Scientific classification
- Kingdom: Animalia
- Phylum: Arthropoda
- Clade: Pancrustacea
- Class: Insecta
- Order: Hymenoptera
- Family: Colletidae
- Genus: Colletes
- Species: C. hederae
- Binomial name: Colletes hederae Schmidt & Westrich, 1993

= Colletes hederae =

- Genus: Colletes
- Species: hederae
- Authority: Schmidt & Westrich, 1993
- Conservation status: LC

Species of bee

Colletes hederae, the ivy bee, is a species of plasterer bee belonging to the family Colletidae subfamily Colletinae.

==Taxonomy==
Colletes hederae has been only recently described (Schmidt & Westrich 1993) as a distinct species. Until then, they were confused with another species of Colletes that are morphologically similar, but ecologically distinctive, Colletes halophilus.

==Distribution==
Ivy bees are known from Austria, Belgium, Channel Islands, Croatia, Cyprus, southern England, Wales, France, Germany, Greece, Ireland, Italy, Luxembourg, Netherlands, Serbia, Slovenia, Spain and Switzerland.

==Description==
The females of Colletes hederae are on average 13 mm long, while the males are about 10 mm long, significantly larger than the common colletes. The thorax of the adults is covered by dense orange-brown hair, while each abdominal segment has an apical orangey hair-band.

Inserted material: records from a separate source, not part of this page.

Section DecisionFeasibility.
Variables (D : Data) (t : nat) (lam : R).
Hypothesis Hlam : 0 <= lam.
Hypothesis Hd : 0 <= d D t.
Hypothesis Hr : 0 <= r D t.
Hypothesis Hc : 0 < c D t.
Hypothesis Hp : 0 < p D t.
Hypothesis Htheta : 0 < theta D t.
Hypothesis Hbeta : 0 < beta D t.
Hypothesis Hdu_pos : forall x, 0 < x -> 0 < du D t x.
Hypothesis Hdu_decr : forall x y, 0 < x -> x < y -> du D t y < du D t x.
Hypothesis Hduinv : forall y, 0 < y -> 0 < duinv D t y /\ du D t (duinv D t y) = y.
Hypothesis Hde_nonneg : forall x, 0 <= x -> 0 <= de D t x.
Hypothesis Hde_incr : forall x y, 0 <= x -> x < y -> de D t x < de D t y.
Hypothesis Hdeinv : forall y, 0 <= y -> 0 <= deinv D t y /\ de D t (deinv D t y) = y.

Lemma marginal_cost_nonneg : 0 <= p D t * c D t + r D t * lam.
Proof. assert (0 < p D t * c D t) by nra; nra. Qed.

Lemma X_pos : 0 < X_ D t lam.
Proof. unfold X_; nra. Qed.

Lemma de_at_c_pos : 0 < de D t (c D t).
Proof. pose proof (Hde_nonneg 0 (Rle_refl 0)); pose proof (Hde_incr 0 (c D t)); lra. Qed.

Lemma a_nonneg : 0 <= a_ D t (beta D t) lam.
Proof.
  pose proof marginal_cost_nonneg.
  unfold a_; apply Rmult_le_pos; [left; apply Rinv_0_lt_compat; lra|].
  apply Hdeinv; apply Rmult_le_pos; [lra|].
  left; apply Rinv_0_lt_compat; nra.
Qed.

Lemma a_le_1_regionII :
  OmegaII D t lam (beta D t) (theta D t) -> a_ D t (beta D t) lam <= 1.
Proof.
  intros [_ [_ Hge]]; apply Rge_le in Hge.
  pose proof marginal_cost_nonneg; pose proof de_at_c_pos.
  set (N := p D t * c D t + r D t * lam) in *.
  set (y := N / (beta D t * c D t)).
  assert (Hy0 : 0 <= y) by (apply Rmult_le_pos; [lra|]; left; apply Rinv_0_lt_compat; nra).
  assert (Hy : y <= de D t (c D t)).
  { apply le_div_iff in Hge; [|nra]; apply le_div_iff; [nra|]; nra. }
  assert (Hinv : deinv D t y <= c D t).
  { destruct (Rle_lt_dec (deinv D t y) (c D t)) as [|Hlt]; [assumption|].
    destruct (Hdeinv y Hy0) as [Hd0 Hdy].
    pose proof (Hde_incr (c D t) (deinv D t y) (Rlt_le _ _ Hc) Hlt); lra. }
  unfold a_; fold N y.
  apply Rmult_le_reg_l with (c D t); [exact Hc|].
  rewrite <- Rmult_assoc, Rinv_r by lra; lra.
Qed.

Lemma xIII_bounds :
  OmegaIII D t lam (beta D t) (theta D t) ->
  a_ D t (beta D t) lam <= xIII D t lam <= 1.
Proof.
  intros [_ [Hlow Hhigh]].
  pose proof X_pos.
  set (a := a_ D t (beta D t) lam) in *.
  set (y := X_ D t lam / theta D t).
  assert (Hy : 0 < y) by (apply Rdiv_lt_0_compat; lra).
  destruct (Hduinv y Hy) as [Hx0 Hxy].
  unfold xIII; fold y; split.
  - destruct (Rle_lt_dec a (duinv D t y)) as [|Hlt]; [assumption|].
    assert (Ha : 0 < du D t a) by (apply Hdu_pos; lra).
    apply le_div_iff in Hlow; [|exact Ha].
    assert (y <= du D t a) by (apply le_div_iff; [exact Htheta|]; nra).
    pose proof (Hdu_decr (duinv D t y) a Hx0 Hlt); lra.
  - destruct (Rle_lt_dec (duinv D t y) 1) as [|Hlt]; [assumption|].
    assert (H1 : 0 < du D t 1) by (apply Hdu_pos; lra).
    apply div_le_iff in Hhigh; [|exact H1].
    assert (du D t 1 <= y) by (apply div_le_iff; [exact Htheta|]; nra).
    pose proof (Hdu_decr 1 (duinv D t y) Rlt_0_1 Hlt); lra.
Qed.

This species is very similar to the closely related heather colletes (Colletes succinctus) and even more to the sea aster mining bee (Colletes halophilus).

==Biology==
The adults emerge late in the year (the males from late August and the females a little later in early September) and remain on the wing until early November. The principal pollen forage plant is ivy (Hedera helix) (hence the specific epithet hederae), but both sexes will also nectar at ivy flowers too. When ivy is scarce, other species of plants are also visited. The females supply the larval brood cells almost exclusively with nectar and pollen of ivy flowers. When ivy flowering is delayed, females may also collect pollen at various members of the daisy family (Asteraceae).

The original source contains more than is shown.